La scène musicale gomatracienne ressemble parfois à un grand popotin : ça remue, ça bruisse, ça attire les regards, mais surtout ça cache mille histoires intimes qui finissent souvent par éclater en public. Dans ce théâtre où les amours toisent souvent la chronique, Moury refait surface. Flow maîtrisé, textes empoignants, une rappeuse affirmée, l’ancienne compagne du rappeur Afande Ready, a fait face aux démons.

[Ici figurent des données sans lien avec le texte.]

Lemma uniform_payoff_le (sig sig' : 'M[bool]_(N, T)) :
  payoff (fun=> n^-1) sig <= payoff (fun=> n^-1) sig' ->
  \sum_l (total_age y (sig l) - free_total_age T y) <=
    \sum_l (total_age y (sig' l) - free_total_age T y).
Proof.
have [_ kT] := budget_bounds.
have c_gt0 : 0 < T%:R^-1 * N%:R^-1 :> R by rewrite mulr_gt0 ?invr_gt0 ?n_gt0 ?ltr0n //; lia.
by rewrite !payoffE ?ler_pM2l ?sumrB ?lerD2r //; exact: uniform_pmf.
Qed.

Lemma adversary_window_ge (sb : 'M[bool]_(N, T)) :
  nash_eq alpha (fun=> n^-1) sb ->
  k%:R * (k%:R - 1) + k%:R * 2 * n - k%:R * 6 * e * n <=
    (\sum_l (total_age y (sb l) - free_total_age T y)) * 2.
Proof.
move=> [_ [_ [_ adv_best]]]; have [skT sT _] := window_fits.
pose l0 : 'I_N := Ordinal (leq_trans (isT : 0 < 2)%N N_ge2).
have /uniform_payoff_le := adv_best _ (feasible_window_mx l0 alphaT skT).
rewrite (bigD1 l0) //= big1 ?addr0 => [win_le|l /negbTE l_l0]; last first.
  by rewrite (total_age_unblocked _ (fun t => _)) ?subrr // => t; rewrite mxE l_l0.
apply: le_trans (ler_wpM2r _ win_le) => //.
have := total_age_window_ge keep_ge0 keep_lt1 skT sT.
rewrite inv_one_sub_keep (eq_total_age _ (_ : _ =1 window_mx T l0 s k l0)) // => t.
by rewrite mxE eqxx.
Qed.

Lemma adversary_concentrates (sb : 'M[bool]_(N, T)) :
  nash_eq alpha (fun=> n^-1) sb ->
  exists b, (\sum_(t < T) ~~ sb b t)%N = k /\ forall l, l != b -> forall t, sb l t.
Proof.
move=> NE; have [k2 _] := budget_bounds; have [_ [feas _]] := NE.
pose K l := (\sum_(t < T) ~~ sb l t)%N.
have sumK : (\sum_l K l <= k)%N by case: feas; rewrite alphaT ler_nat.
have row_le l : (total_age y (sb l) - free_total_age T y) * 2 <=
    (K l)%:R * 2 * n + (K l)%:R * ((K l)%:R - 1).
  by have := total_age_excess_le (sb l) keep_ge0 keep_lt1; rewrite inv_one_sub_keep.
have sum_le : (\sum_l (total_age y (sb l) - free_total_age T y)) * 2 <=
    (\sum_l K l)%N%:R * 2 * n + \sum_l (K l)%:R * ((K l)%:R - 1).
  rewrite mulr_suml natr_sum !mulr_suml -big_split; apply: ler_sum => l _; exact: row_le.
have ksum : (\sum_l K l)%N%:R * 2 * n <= k%:R * 2 * n.
  by rewrite !ler_pM2r ?n_gt0 // ler_nat.
have win := adversary_window_ge NE.
have k_pos : 0 < k%:R * (1 - 6 * n * e).
  by rewrite mulr_gt0 ?subr_gt0 ?decay_lt // ltr0n; lia.
have Qnat : \sum_l (K l)%:R * ((K l)%:R - 1) = (\sum_l K l * (K l).-1)%N%:R :> R.
  by rewrite natr_sum; apply: eq_bigr => l _; rewrite natr_mul_pred.
rewrite Qnat in sum_le.
have : k%:R * (k%:R - 2) < (\sum_l K l * (K l).-1)%N%:R :> R by lra.
rewrite -natrB ?(leq_trans _ k2) // -natrM ltr_nat.
move=> /(sum_concentrated sumK) [b [Kb K0]].
exists b; split=> // l lb t; move/eqP: (K0 l lb); rewrite sum_nat_eq0.
by move=> /forallP/(_ t); case: (sb l t).
Qed.

Lemma blocked_row_ge (sb : 'M[bool]_(N, T)) b :
  nash_eq alpha (fun=> n^-1) sb -> (forall l, l != b -> forall t, sb l t) ->
  k%:R * (k%:R - 1) + k%:R * 2 * n - k%:R * 6 * e * n <=
    (total_age y (sb b) - free_total_age T y) * 2.
Proof.
move=> NE unb; have := adversary_window_ge NE.
rewrite (bigD1 b) //= big1 ?addr0 // => l lb.
by rewrite (total_age_unblocked _ (unb l lb)) subrr.
Qed.

Local Notation h := (alpha / (4 * n)).

Lemma shift_bounds : [/\ 0 <= y - h, y - h < 1, 0 <= y + h & y + h < 1].
Proof.
have n2 := n_ge2; have n0 := n_gt0; have y1 := keep_lt1.
have h0 : 0 < h by rewrite divr_gt0 // mulr_gt0.
have hn : h * 4 < n^-1.
  rewrite (_ : h * 4 = alpha * n^-1); last by field; rewrite gt_eqF.
  by rewrite -[X in _ < X]mul1r ltr_pM2r ?invr_gt0.
have ninv : n^-1 * 2 <= 1.
  have : 0 <= (n - 2) * n^-1 by rewrite mulr_ge0 // ?subr_ge0 ?invr_ge0 // ltW.
  by rewrite mulrBl mulfV ?gt_eqF // subr_ge0 mulrC.
by split; lra.
Qed.

Lemma bs_move_mass_ge0 (sb : 'M[bool]_(N, T)) b c :
  nash_eq alpha (fun=> n^-1) sb -> b != c -> (forall t, sb c t) ->
  0 <= total_age (y - h) (sb b) - total_age y (sb b) +
       (free_total_age T (y + h) - free_total_age T y).
Proof.
move=> [_ [_ [bs_best _]]] bc unb_c; have [_ _ _ yH1] := shift_bounds.
have hc : 0 <= h <= n^-1.
  by rewrite divr_ge0 ?mulr_ge0 ?ltW ?n_gt0 //=; lra.
have [_ kT] := budget_bounds.
have := bs_best _ (pmf_move_mass uniform_pmf bc hc).
rewrite -subr_ge0 payoff_move_mass //; last exact: uniform_pmf.
rewrite pmulr_rge0; last by rewrite mulr_gt0 ?invr_gt0 ?n_gt0 // ltr0n; lia.
by rewrite !(total_age_unblocked _ unb_c).
Qed.

Lemma uniform_nash_eq_false (sb : 'M[bool]_(N, T)) :
  ~ nash_eq alpha (fun=> n^-1) sb.
Proof.
move=> NE; have [b [Kb unb]] := adversary_concentrates NE.
have [c cb] : exists c : 'I_N, c != b.
  pose i0 : 'I_N := Ordinal (ltnW N_ge2); pose i1 : 'I_N := Ordinal N_ge2.
  by case: (eqVneq i0 b) => [<-|]; [exists i1 | exists i0].
have [yh0 yh1 yH0 yH1] := shift_bounds.
have bc : b != c by rewrite eq_sym.
have := bs_move_mass_ge0 NE bc (unb c cb).
have := total_age_excess_le (sb b) yh0 yh1.
have := free_total_age_le T yh0 yh1.
have := free_total_age_le T yH0 yH1.
have := free_total_age_ge T keep_ge0 keep_lt1.
have := blocked_row_ge NE unb.
rewrite Kb inv_one_sub_keep !opprD !opprK !addrA subrr !add0r.
have := deviation_gain n_ge2 alpha_gt0 alpha_lt1 T_large (exprn_ge0 _ keep_ge0) decay_le.
rewrite alphaT; lra.
Qed.

End NoEquilibrium.

Unset Implicit Arguments.

Theorem theorem6 (R : realType) (N : nat) (alpha : R) :
  (2 <= N)%N -> 0 < alpha -> alpha < 1 ->
  exists T0 : nat, forall T : nat, (T0 <= T)%N ->
    (exists k : nat, alpha * T%:R = k%:R) ->
    ~ exists (pb : 'I_N -> R) (sb : 'M[bool]_(N, T)), nash_eq alpha pb sb.
Proof.
move=> N_ge2 alpha_gt0 alpha_lt1.
have c_gt0 : 0 < alpha ^+ 2 * (1 - alpha) by rewrite mulr_gt0 ?exprn_gt0 ?subr_gt0.
pose B := 200 * N%:R ^+ 2 / (alpha ^+ 2 * (1 - alpha)).
have B_ge0 : 0 <= B by apply: divr_ge0; [rewrite mulr_ge0 // exprn_ge0 | exact: ltW].
exists (Num.Def.archi_bound B) => T T_ge [k alphaT] [pb [sb NE]].
have T_large : 200 * N%:R ^+ 2 < alpha ^+ 2 * (1 - alpha) * T%:R.
  have : B < T%:R by apply: lt_le_trans (archi_boundP B_ge0) _; rewrite ler_nat.
  by rewrite ltr_pdivrMr // [X in _ < X]mulrC.
have [_ kT] := budget_bounds N_ge2 alpha_gt0 alpha_lt1 alphaT T_large.
have pb_uniform := funext (nash_eq_uniform alphaT kT NE).
rewrite pb_uniform in NE.
exact: uniform_nash_eq_false N_ge2 alpha_gt0 alpha_lt1 alphaT T_large _ NE.
Qed.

Sous l’aile de son manager Sady Masonga et la production d’Exact Films, Moury semble avoir puisé la lumière au plus profond de son âme. Après avoir frappé à la porte avec « Hodi », une prestation spectaculaire sur la grande scène du festival Musika na Kipaji, Moury ouvre désormais son cœur avec « Need », une chanson qui oscille entre confession intime et critique sociale, entre désir d’un amour vrai et désillusion face aux mirages sentimentaux.

De « Hodi » à « Need », Moury ne fait que renaître !
Son premier signe de renaissance fut « Hodi », une porte entrouverte vers une nouvelle identité artistique, une quête profonde et sincère d’une âme égarée. Il faut le souligner, elle est d’ailleurs devenue Moury, autefois reconnue Madame Moury. Avec Need, elle franchit le seuil : une chanson qui n’est pas seulement une mélodie, mais une confession. Elle y met en scène ses blessures amoureuses, ses désillusions, et surtout ce besoin viscéral d’un amour sincère, débarrassé des faux-semblants.
Ce qui frappe, c’est la manière dont Moury transforme une histoire intime en une interrogation collective. « Need » n’est pas une comptine, c’est un débat : l’artiste questionne une génération entière, celle qui refuse les amours toxiques et les promesses creuses. La chanson devient ainsi une chronique sociale, un miroir des désirs contemporains où la sincérité est devenue rare.

Une esthétique en suspens
Sans clip pour l’instant, « Need » se présente dans sa nudité sonore : voix suave, rythme envoûtant , texte questionnant. Cette absence d’image accentue la force du propos, comme si Moury nous invitait à fermer les yeux pour mieux entendre. On devine que la vidéo prolongera cette atmosphère de confession, mais pour l’heure, c’est l’imaginaire de l’auditeur qui complète le tableau.
On ne peut qu’espérer si Moury chante à la fois l’espérance d’un amour vrai et la lucidité d’une femme qui a trop souffert des illusions, une amoureuse de nouveau ou une nouvelle désabusée ? Peut-être les deux, et c’est précisément cette ambiguïté qui rend sa voix si nécessaire aujourd’hui.